After computing standard liveness, a second backward pass per block classifies why each variable is live:

  1. Seed: All live_out variables start as live_for_drop (conservative assumption).

  2. Terminator scan: Variables used by the terminator as operands are promoted from live_for_drop to live_for_use.

  3. Backward body walk: For each instruction in reverse:

    • RcDec { var }: The variable stays live_for_drop (unless already promoted).
    • Any other instruction using the variable as an operand: promote to live_for_use.

At join points (blocks with multiple predecessors), live_for_use wins conservatively — if any successor path reads the variable, it is treated as live_for_use at the join.

Usage in the Pipeline

Liveness is computed twice in the ARC pipeline, serving different purposes each time:

First Call: Before RC Insertion

Drives placement of RcInc and RcDec. The Perceus algorithm uses live_out to initialize a running live set per block, then walks instructions backward. Variables not in the live set at their definition point are dead immediately and get RcDec. Variables already in the live set at a use point need RcInc (multi-use).
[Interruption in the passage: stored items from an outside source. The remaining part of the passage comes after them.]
(* Given [w ~ w'], let [z] be the neighbour of [w'] towards [w] and [n0] the
   next vertex.  An element of [M] fixing the colour of [n0] but not that of
   [w'] is realised at [z] and then cut down to the identity on the branch
   through [n0], which contains [w]; it moves [w'] to a sibling [w''], and
   [w' ~ w ~ w'']. *)
Lemma block_rel_siblings : perm_primitive M -> ~ perm_regular M ->
    (exists a b, R a b /\ a <> b) ->
  exists z u u', [/\ side z = true, adj z u, adj z u', u <> u' & block_rel u u'].
Proof.
move=> primM nregM [a [b [Rab ab]]].
pose w := proj1_sig a; pose w' := proj1_sig b.
have sw : side w = false := proj2_sig a; have sw' : side w' = false := proj2_sig b.
have Eww' : block_rel w w' by exists a, b.
have ww' : w <> w' by move=> e; apply/ab/VY_inj.
have nadj n : adj w' n -> n <> w.
  by move=> /side_adj; rewrite sw' => sn e; move: sn; rewrite e sw.
have [z [n0 [w'z zn0 w'n0 n0w]]] := nbt_first_steps ww' nadj.
have sz : side z = true by rewrite (side_adj w'z) sw'.
have [x0' cn0] := colour_inl (side_nbrX sz zn0).
have [x1 cw'] := colour_inl sw'.
have x01 : x0' <> x1.
  move=> e; apply: w'n0; apply: (colour_inj (adj_sym w'z) zn0).
  by rewrite cn0 cw' e.
have [s [Ms sx0 sx1]] := prim_nonregular_stab_moves groupM primM nregM x01.
have [h [hU hz hadj hcol]] := U_realise_X Ms sz.
have hn0 : h n0 = n0.
  by apply: (colour_inj (hadj _ zn0) zn0); rewrite (hcol _ _ cn0) cn0 sx0.
have [g [gU gin gout]] := U_fix_branch hU hz hn0 zn0.
have w'out : ~ reach_off z n0 w'.
  by move=> /(branch_uniq zn0 (adj_sym w'z)) /esym.
exists z, w', (h w'); split => //.
- exact: adj_sym.
- exact/hadj/adj_sym.
- by move=> e; apply: sx1; move: (hcol _ _ cw'); rewrite -e cw' => -[].
- apply: block_rel_trans (block_rel_sym Eww') _.
  by rewrite -(gin _ n0w) -(gout _ w'out); apply: block_rel_U.
Qed.

(* The relation induced on the colours of the neighbours of [z] is
   [M]-invariant, because [M] acts on them through [U] fixing [z]. *)
Lemma star_block_of_siblings z u u' : perm_primitive M -> side z = true ->
  adj z u -> adj z u' -> u <> u' -> block_rel u u' -> star_block z.
Proof.
move=> [_ primM] sz zu zu' uu' Euu'.
have nbr_colour x : exists v, [/\ adj z v, colour v = inl x & side v = false].
  by have [v [zv cv]] := @exists_nbr_colour z (inl x) (esym sz); rewrite sz; exists v.
pose Rz x x' := exists v v', [/\ adj z v, adj z v', colour v = inl x,
                                 colour v' = inl x' & block_rel v v'].
have Rzeq : Defs.equivalence_rel Rz.
  split.
  - move=> x; have [v [zv cv sv]] := nbr_colour x.
    by exists v, v; split => //; apply: block_rel_refl.
  - move=> x x' [v [v' [zv zv' cv cv' Evv']]].
    by exists v', v; split => //; apply: block_rel_sym.
  - move=> x x' x'' [v [v' [zv zv' cv cv' Evv']]] [t [t' [zt zt' ct ct' Ett']]].
    have e : v' = t by apply: (colour_inj zv' zt); rewrite cv' ct.
    by subst t; exists v, t'; split => //; apply: block_rel_trans Ett'.
have Rzpres : preserves M Rz.
  move=> s x x' Ms [v [v' [zv zv' cv cv' Evv']]].
  have [h [hU _ hadj hcol]] := U_realise_X Ms sz.
  exists (h v), (h v'); split; try exact: hadj; try exact: hcol.
  exact: block_rel_U.
have [x cu] := colour_inl (side_nbrX sz zu).
have [x' cu'] := colour_inl (side_nbrX sz zu').
case: (primM Rz Rzeq Rzpres) => [Rztriv|Rzuniv].
  have xx' : x = x' by apply: Rztriv; exists u, u'.
  by case: uu'; apply: (colour_inj zu zu'); rewrite cu cu' xx'.
move=> v v' zv zv'.
have [y cv] := colour_inl (side_nbrX sz zv).
have [y' cv'] := colour_inl (side_nbrX sz zv').
have [t [t' [zt zt' ct ct' Ett']]] := Rzuniv y y'.
have -> : v = t by apply: (colour_inj zv zt); rewrite cv ct.
have -> : v' = t' by apply: (colour_inj zv' zt'); rewrite cv' ct'.
exact: Ett'.
Qed.

Lemma star_block_spread z : perm_transitive N -> side z = true ->
  star_block z -> forall z', side z' = true -> star_block z'.
Proof.
move=> trN sz Sz z' sz'; apply: (@star_induction true star_block) sz sz' Sz.
move=> w z1 z2 sw wz1 wz2 Sz1 u u' z2u z2u'.
have [g [gU gz1]] := U_star_transitive_Y trN sw wz1 wz2.
case: (gU) => [[[k gK kK] gadj _] _ _].
have kadj v : adj z2 v -> adj z1 (k v) by rewrite -gz1 -{1}(kK v) -gadj.
by rewrite -(kK u) -(kK u'); apply/(block_rel_U gU)/Sz1; apply: kadj.
Qed.

Lemma block_rel_universal :
  (forall z, side z = true -> star_block z) -> forall a b, R a b.
Proof.
move=> Sall a b.
have : block_rel (proj1_sig a) (proj1_sig b).
  apply: (@star_induction false (block_rel (proj1_sig a)))
    (proj2_sig a) (proj2_sig b) _.
  - by move=> z v v' sz zv zv' Ev; apply: block_rel_trans Ev (Sall _ sz _ _ zv zv').
  - exact/block_rel_refl/(proj2_sig a).
by move=> [a' [b' [/VY_inj <- /VY_inj <-]]].
Qed.

End Blocks.

Lemma primitive_box : perm_primitive M -> ~ perm_regular M -> perm_transitive N ->
  perm_primitive box.
Proof.
move=> primM nregM trN; split; first exact/transitive_box_of_M/primM.1.
move=> R Req Rpres; case: (classic (forall a b, R a b -> a = b)) => [|Rntriv].
  by left.
right; have Rnt : exists a b, R a b /\ a <> b.
  apply: NNPP => H; apply: Rntriv => a b Rab; apply: NNPP => ab.
  by apply: H; exists a, b.
have [z [u [u' [sz zu zu' uu' Euu']]]] := block_rel_siblings Req Rpres primM nregM Rnt.
apply: (block_rel_universal Req) => z' sz'.
apply: (star_block_spread Rpres trN sz) sz'.
exact: (star_block_of_siblings Req Rpres primM sz zu zu' uu' Euu').
Qed.

End LocalAction.
End Colouring.
End Tree.

Theorem theorem5p1 (X Y : Type) (M : (X -> X) -> Prop) (N : (Y -> Y) -> Prop) :
  (exists x1 x2 : X, x1 <> x2) ->
  (exists y1 y2 : Y, y1 <> y2) ->
  perm_group M -> perm_group N ->
  nontrivial_group M -> nontrivial_group N ->
  forall (V : Type) (adj : V -> V -> Prop) (side : V -> bool)
         (c : V -> V -> X + Y),
    is_tree adj -> is_bipartition adj side -> biregular X Y adj side ->
    legal_colouring adj side c ->
    (perm_transitive (box_product adj side c M N) <-> perm_transitive M) /\
    (perm_primitive (box_product adj side c M N) <->
       [/\ perm_primitive M, ~ perm_regular M & perm_transitive N]).
Proof.
move=> [xa [xb xab]] [ya [yb yab]] groupM groupN _ _ V adj side c
  [[v0] adj_sym connected nocycle] bip _ legal.
split; split.
- exact: (transitive_M_of_box adj_sym bip legal xa ya v0).
- exact: (transitive_box_of_M adj_sym nocycle connected bip legal xa ya groupM groupN).
- move=> primB; split.
  + exact: (primitive_M_of_primitive_box adj_sym nocycle bip legal xa ya v0 primB).
  + exact: (nonregular_M_of_primitive_box adj_sym nocycle connected bip legal
      groupM v0 xab yab primB).
  + exact: (transitive_N_of_primitive_box adj_sym nocycle bip legal ya groupN v0
      xab primB).
- case=> primM nregM trN.
  exact: (primitive_box adj_sym nocycle connected bip legal xa ya groupM groupN
    primM nregM trN).
Qed.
Second Call: After RC Insertion

Re-computes liveness on the post-RC CFG (which now contains RcInc/RcDec instructions). The refined liveness from this second pass drives reset/reuse detection: only variables classified as live_for_drop (not live_for_use) are candidates for in-place reuse.

Prior Art

Appel’s “Modern Compiler Implementation” (Section 10.1) is the standard reference for backward dataflow liveness analysis. Ori’s implementation follows the textbook algorithm directly, with the optimization of pre-computing gen/kill sets to avoid recomputation during iteration.

Lean 4 (src/Lean/Compiler/IR/LiveVars.lean) uses liveness for the same purpose — driving RC insertion via the Perceus algorithm. Lean’s implementation is functionally equivalent to Ori’s standard liveness, though Lean does not implement refined liveness (Lean’s reuse detection uses a different safety criterion).
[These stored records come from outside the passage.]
Lemma polyfun_prod n (T : Type) (r : seq T) (F : T -> (nat -> R) -> R) (d : T -> nat) :
  (forall a, polyfun n (d a) (F a)) ->
  polyfun n (\sum_(a <- r) d a) (fun x => \prod_(a <- r) F a x).
Proof.
move=> PF; elim: r => [|a r IH].
  by rewrite big_nil; apply: polyfun_ext (polyfunC _ _ 1) _ => x; rewrite big_nil.
by rewrite big_cons; apply: polyfun_ext (polyfunM (PF a) IH) _ => x; rewrite big_cons.
Qed.

Lemma polyfun_coordX n i m : (i < n)%N -> polyfun n m (fun x => x i ^+ m).
Proof.
move=> lt_in; elim: m => [|m IH].
  by apply: polyfun_ext (polyfunC _ _ 1) _ => x; rewrite expr0.
rewrite -add1n; apply: polyfun_ext (polyfunM (polyfunX lt_in (ltn0Sn 0)) IH) _ => x.
by rewrite exprS.
Qed.

Lemma polyfun_meval n d (E : {mpoly R[n]}) :
  (msize E <= d.+1)%N -> polyfun n d (fun x => E.@[fun i : 'I_n => x i]).
Proof.
move=> szE; apply: polyfun_ext => [|x]; last by rewrite mevalE.
apply: polyfun_sum => m mE; apply: polyfun_scale.
apply: polyfun_leq (_ : mdeg m <= d)%N _; first by rewrite -ltnS (leq_trans (msize_mdeg_lt mE)).
by rewrite mdegE; apply: polyfun_prod => i; apply: polyfun_coordX.
Qed.

Lemma polyfun_scons_behead n d c F :
  polyfun n d F -> polyfun n d (fun x => F (scons c (sbehead x))).
Proof.
by apply: polyfun_comp => -[|i] lt_in; [apply: polyfunC | apply: (polyfunX (d := 1))].
Qed.

Lemma polyfun_scons m d c F :
  polyfun m.+1 d F -> polyfun m d (fun y => F (scons c y)).
Proof. by apply: polyfun_comp => -[|i] lt_im; [apply: polyfunC | apply: polyfunX]. Qed.

Lemma polyfun_divdiff n d c F : (0 < n)%N -> polyfun n d F ->
  exists2 G, polyfun n d.-1 G & forall x, F x = F (scons c (sbehead x)) + (x 0%N - c) * G x.
Proof.
move=> n_gt0; elim=> {d F} [d a|d [|i] lt_in _|d F G _ [F1 PF1 eF] _ [G1 PG1 eG]|
    d1 d2 F G PF [F1 PF1 eF] PG [G1 PG1 eG]|d F G _ [F1 PF1 eF] eFG].
- by exists (fun=> 0); [apply: polyfunC | move=> x; rewrite mulr0 addr0].
- by exists (fun=> 1); [apply: polyfunC | move=> x /=; rewrite mulr1 addrC subrK].
- by exists (fun=> 0); [apply: polyfunC | move=> x; rewrite mulr0 addr0].
- exists (fun x => F1 x + G1 x); first exact: polyfunD.
  by move=> x; rewrite [F x]eF [G x]eG mulrDr addrACA.
- pose F' x := F (scons c (sbehead x)).
  have PF' : polyfun n d1 F' := polyfun_scons_behead c PF.
  case: d1 => [|d1] in PF PF1 eF PF' *.
    exists (fun x => F' x * G1 x); first by rewrite add0n; apply: polyfunM PF' PG1.
    by move=> x; rewrite /F' [F x](polyfun0_const x (scons c (sbehead x)) PF) [G x]eG; ring.
  case: d2 => [|d2] in PG PG1 eG *.
    exists (fun x => F1 x * G x); first by rewrite addn0 /= -[d1]addn0; apply: polyfunM PF1 PG.
    by move=> x; rewrite [G x](polyfun0_const x (scons c (sbehead x)) PG) [F x]eF; ring.
  exists (fun x => F1 x * G x + F' x * G1 x).
    by apply: polyfunD; [rewrite addSn; apply: polyfunM | rewrite addnS; apply: polyfunM].
  by move=> x; rewrite /F' [F x]eF [G x]eG; ring.
- by exists F1 => // x; rewrite -!eFG.
Qed.

End PolynomialFunctions.

Definition kstatn (n : nat) (nu : nat -> nat) (i : nat) : nat :=
  \sum_(j < n) (((j < i) && (nu i < nu j)) || ((i < j) && (nu i <= nu j)))%N.

Definition tilden (n : nat) (nu : nat -> nat) : nat -> QqtK :=
  fun i => qpar ^+ nu i * tpar ^- kstatn n nu i.

Definition sizen (n : nat) (nu : nat -> nat) : nat := (\sum_(j < n) nu j)%N.

Definition raise_comp (m : nat) (r : nat -> nat) : nat -> nat := scons (r m).+1 r.

Definition lower_comp (m : nat) (nu : nat -> nat) : nat -> nat :=
  fun i => if i == m then (nu 0%N).-1 else nu i.+1.

Definition raise_pt (m : nat) (y : nat -> QqtK) : nat -> QqtK := scons (qpar * y m) y.

Definition lower_pt (m : nat) (x : nat -> QqtK) : nat -> QqtK :=
  fun i => if i == m then x 0%N / qpar else x i.+1.

Section TildeCoordinates.

Variable n : nat.
Implicit Types (nu mu : nat -> nat) (i : nat).

Lemma eq_kstatn nu mu i :
  (forall j, (j < n)%N -> nu j = mu j) -> (i < n)%N -> kstatn n nu i = kstatn n mu i.
Proof. by move=> eq_numu lt_in; apply: eq_bigr => j _; rewrite !eq_numu. Qed.

Lemma eq_tilden nu mu i :
  (forall j, (j < n)%N -> nu j = mu j) -> (i < n)%N -> tilden n nu i = tilden n mu i.
Proof. by move=> eq_numu lt_in; rewrite /tilden (eq_kstatn eq_numu lt_in) eq_numu. Qed.

Lemma eq_sizen nu mu : (forall j, (j < n)%N -> nu j = mu j) -> sizen n nu = sizen n mu.
Proof. by move=> eq_numu; apply: eq_bigr => j _; rewrite eq_numu. Qed.

End TildeCoordinates.

Section TildeShifts.

Variable m : nat.
Implicit Types (nu r : nat -> nat) (i j : nat).

Lemma kstatn0 nu : nu 0%N = 0%N -> kstatn m.+1 nu 0 = m.
Proof.
move=> nu0; rewrite /kstatn big_ord_recl /= nu0 add0n.
by rewrite (eq_bigr (fun=> 1%N)) ?sum_nat_const ?card_ord ?muln1.
Qed.

Lemma kstatn_scons0 nu j : kstatn m.+1 (scons 0%N nu) j.+1 = kstatn m nu j.
Proof.
rewrite /kstatn big_ord_recl /= add0n; apply: eq_bigr => l _.
by rewrite /bump /= !add1n !ltnS.
Qed.

Lemma tilden_scons0 nu i : tilden m.+1 (scons 0%N nu) i = scons (tpar ^- m) (tilden m nu) i.
Proof.
case: i => [|i]; last by rewrite /tilden /= kstatn_scons0.
by rewrite /tilden kstatn0 // expr0 mul1r.
Qed.

Lemma sizen_scons0 nu : sizen m.+1 (scons 0%N nu) = sizen m nu.
Proof. by rewrite /sizen big_ord_recl. Qed.

Lemma kstatn_raise0 r : kstatn m.+1 (raise_comp m r) 0 = kstatn m.+1 r m.
Proof.
rewrite /kstatn big_ord_recl big_ord_recr /= ltnn /= add0n addn0.
apply: eq_bigr => j _; rewrite add0n ltn_ord /=.
by rewrite [(m < j)%N]ltnNge (ltnW (ltn_ord j)) /= orbF.
Qed.

Lemma kstatn_raiseS r j : (j < m)%N -> kstatn m.+1 (raise_comp m r) j.+1 = kstatn m.+1 r j.
Proof.
move=> lt_jm; rewrite /kstatn big_ord_recl big_ord_recr /= ltnS ltnNge (ltnW lt_jm) lt_jm /=.
by rewrite orbF addnC.
Qed.

Lemma tilden_raise r i :
  (i < m.+1)%N -> tilden m.+1 (raise_comp m r) i = raise_pt m (tilden m.+1 r) i.
Proof.
case: i => [|j] lt_jm; first by rewrite /tilden /raise_pt /= kstatn_raise0 exprS mulrA.
by rewrite /tilden /raise_pt /= kstatn_raiseS.
Qed.

Lemma sizen_raise r : sizen m.+1 (raise_comp m r) = (sizen m.+1 r).+1.
Proof. by rewrite /sizen big_ord_recl [in RHS]big_ord_recr /= addSn addnC. Qed.

Lemma raise_lower_comp nu i :
  (0 < nu 0%N)%N -> (i < m.+1)%N -> raise_comp m (lower_comp m nu) i = nu i.
Proof.
move=> nu0 lt_im; case: i lt_im => [|j] lt_jm /=; first by rewrite /lower_comp eqxx prednK.
by rewrite /lower_comp ltn_eqF.
Qed.

Lemma lower_raise_comp r i : lower_comp m (raise_comp m r) i = r i.
Proof. by rewrite /lower_comp; case: eqP => [->|]. Qed.

Lemma sizen_lower nu : (0 < nu 0%N)%N -> sizen m.+1 nu = (sizen m.+1 (lower_comp m nu)).+1.
Proof.
by move=> nu0; rewrite -sizen_raise; apply: eq_sizen => i lt_im; rewrite raise_lower_comp.
Qed.

Lemma raise_lower_pt x i : (i < m.+1)%N -> raise_pt m (lower_pt m x) i = x i.
Proof.
case: i => [|j] lt_jm; rewrite /raise_pt /lower_pt /=; last by rewrite ltn_eqF.
by rewrite eqxx mulrC divfK ?qpar_neq0.
Qed.

Lemma tilden_raise0_neq r : tilden m.+1 (raise_comp m r) 0 != tpar ^- m.
Proof.
apply/eqP; rewrite -[tpar ^- m]mul1r -(expr0 qpar).
by case/qpar_tparV_exp_inj.
Qed.

End TildeShifts.

Lemma polyfun_raise_pt m d (G : (nat -> QqtK) -> QqtK) :
  polyfun m.+1 d G -> polyfun m.+1 d (fun y => G (raise_pt m y)).
Proof.
apply: polyfun_comp => -[|i] lt_im; last exact: polyfunX (ltnW lt_im) (ltn0Sn 0).
by apply: polyfun_ext (polyfun_scale qpar (polyfunX (ltnSn m) (ltn0Sn 0))) _.
Qed.

Lemma polyfun_quotient m d F :
  polyfun m.+1 d.+1 F -> (forall y, F (scons (tpar ^- m) y) = 0) ->
  exists2 G, polyfun m.+1 d G &
    [/\ forall y, F y = (y 0%N - tpar ^- m) * G y
      & forall r, G (raise_pt m (tilden m.+1 r)) = 0 <-> F (tilden m.+1 (raise_comp m r)) = 0].
Proof.
move=> PF F0; have [G PG eFG] := polyfun_divdiff (tpar ^- m) (ltn0Sn m) PF.
have {}eFG y : F y = (y 0%N - tpar ^- m) * G y by rewrite eFG F0 add0r.
exists G => //; split=> // r.
rewrite eFG (polyfun_eq_coord PG (@tilden_raise m r)); split=> [->|/eqP]; first by rewrite mulr0.
by rewrite mulf_eq0 subr_eq0 (negbTE (tilden_raise0_neq m r)) => /eqP.
Qed.

Theorem polyfun_eq0_on_tilden n d F :
  polyfun n d F -> (forall nu, (sizen n nu <= d)%N -> F (tilden n nu) = 0) ->
  forall x, F x = 0.
Proof.
elim: n d F => [|m IHm] d F PF F0 x.
  by rewrite (polyfun_eq_coord (y := tilden 0 (fun=> 0%N)) PF) // F0 // /sizen big_ord0.
elim: d F PF F0 x => [|d IHd] F PF F0 x.
  by rewrite (polyfun0_const x (tilden m.+1 (fun=> 0%N)) PF) F0 // /sizen big1.
have F0_scons y : F (scons (tpar ^- m) y) = 0.
  apply: IHm (polyfun_scons _ PF) _ y => nu le_nu.
  rewrite -(polyfun_eq_coord PF (fun i _ => tilden_scons0 m nu i)).
  by apply: F0; rewrite sizen_scons0.
have [G PG [eFG G0_raise]] := polyfun_quotient PF F0_scons.
have G0 y : G (raise_pt m y) = 0.
  apply: IHd (polyfun_raise_pt PG) _ y => r le_r.
  by apply/G0_raise/F0; rewrite sizen_raise.
by rewrite eFG -(polyfun_eq_coord PG (@raise_lower_pt m x)) G0 mulr0.
Qed.

Theorem polyfun_extra_vanishing n d mu F :
  sizen n mu = d -> polyfun n d F ->
  (forall nu, (sizen n nu <= d)%N -> ~ (forall i, (i < n)%N -> nu i = mu i) ->
     F (tilden n nu) = 0) ->
  forall nu i0, (i0 < n)%N -> nu i0 = 0%N -> (forall j, (j <= i0)%N -> (0 < mu j)%N) ->
  F (tilden n nu) = 0.
Proof.
case: n => [|m] //; elim: d mu F => [|d IHd] mu F szmu PF F0 nu i0 lt_i0m nu_i0 mu_pos.
  by move: szmu (mu_pos 0%N (leq0n _)); rewrite /sizen big_ord_recl; case: (mu _).
have mu0 := mu_pos 0%N (leq0n _).
have F0_scons y : F (scons (tpar ^- m) y) = 0.
  apply: polyfun_eq0_on_tilden (polyfun_scons _ PF) _ y => nu' le_nu'.
  rewrite -(polyfun_eq_coord PF (fun i _ => tilden_scons0 m nu' i)).
  apply: F0; first by rewrite sizen_scons0.
  by move=> /(_ 0%N (ltn0Sn m)) /= eq0; rewrite -eq0 in mu0.
have [G PG [eFG G0_raise]] := polyfun_quotient PF F0_scons.
have [nu0|nu0_pos] := posnP (nu 0%N).
  rewrite (polyfun_eq_coord (y := scons (tpar ^- m) (sbehead (tilden m.+1 nu))) PF) ?F0_scons //.
  by case=> [|j] _ //; rewrite /tilden nu0 kstatn0 // expr0 mul1r.
case: i0 => [|i1] in lt_i0m nu_i0 mu_pos *; first by rewrite nu_i0 in nu0_pos.
have raise_lower_nu i :
    (i < m.+1)%N -> tilden m.+1 (raise_comp m (lower_comp m nu)) i = tilden m.+1 nu i.
  by apply: eq_tilden => j; apply: raise_lower_comp.
rewrite -(polyfun_eq_coord PF raise_lower_nu); apply/G0_raise.
apply: (IHd (lower_comp m mu) _ _ (polyfun_raise_pt PG) _ (lower_comp m nu) i1 (ltnW lt_i0m)).
- by move: szmu; rewrite (sizen_lower m mu0) => -[].
- move=> r le_r neq_r_mu; apply/G0_raise/F0; first by rewrite sizen_raise.
  move=> eq_r_mu; apply: neq_r_mu => i lt_im; rewrite -(lower_raise_comp m r i) /lower_comp.
  by case: eqP => [//|/eqP neq_im]; rewrite eq_r_mu // ltn_neqAle neq_im -ltnS.
- by rewrite /lower_comp ltn_eqF.
- by move=> j le_ji1; rewrite /lower_comp ltn_eqF ?mu_pos // (leq_ltn_trans le_ji1).
Qed.

Definition mnm_fun n (nu : 'X_{1..n}) : nat -> nat :=
  fun i => if insub i is Some j then nu j else 0%N.

Section MultinomialBridge.

Variable n : nat.
Implicit Types (nu mu : 'X_{1..n}).

Lemma mnm_funE nu (j : 'I_n) : mnm_fun nu j = nu j.
Proof. by rewrite /mnm_fun valK. Qed.

Lemma mnm_fun_multinom (v : nat -> nat) i :
  (i < n)%N -> mnm_fun [multinom v j | j < n] i = v i.
Proof. by move=> lt_in; rewrite /mnm_fun insubT mnmE. Qed.

Lemma tilde_tilden nu (i : 'I_n) : tilde nu i = tilden n (mnm_fun nu) i.
Proof.
rewrite /tilde /tilden /kstat mnm_funE -sum1dep_card big_mkcond /=.
by congr (_ * tpar ^- _); apply: eq_bigr => j _; rewrite !mnm_funE; case: ifP.
Qed.

Lemma sizen_mdeg nu : sizen n (mnm_fun nu) = mdeg nu.
Proof. by rewrite /sizen mdegE; apply: eq_bigr => j _; rewrite mnm_funE. Qed.

Lemma meval_tilden (E : {mpoly QqtK[n]}) nu :
  E.@[fun i : 'I_n => tilden n (mnm_fun nu) i] = E.@[tilde nu].
Proof. by apply: meval_eq => i; rewrite tilde_tilden. Qed.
Koka (Perceus paper, Section 3.2) describes liveness-based RC insertion as the foundation of precise reference counting. The paper formalizes the relationship between liveness and RC placement that Ori implements.

Design Tradeoffs

HashSet vs bitset. The implementation uses FxHashSet<ArcVarId> for live sets. A bitset indexed by ArcVarId::raw() would be faster for large functions (O(1) per union/intersection/difference on word-aligned chunks), but adds complexity. The hash set is simpler and performs well for typical function sizes. This is a straightforward optimization point if profiling identifies liveness as a bottleneck.

Two-pass refinement vs single-pass. Refined liveness runs as a second pass after standard liveness, rather than being integrated into the main fixed-point iteration. This is slightly more work (two passes instead of one), but keeps the standard liveness implementation clean and reusable — the first call (before RC insertion) does not need refined liveness, so computing it there would be wasted work.

Scalar exclusion. Excluding scalar variables from liveness tracking reduces the set sizes (roughly halving them for typical programs) but requires the classifier at every liveness computation. This is a clear win — smaller sets mean faster convergence and less memory — but it couples liveness to the type classification system.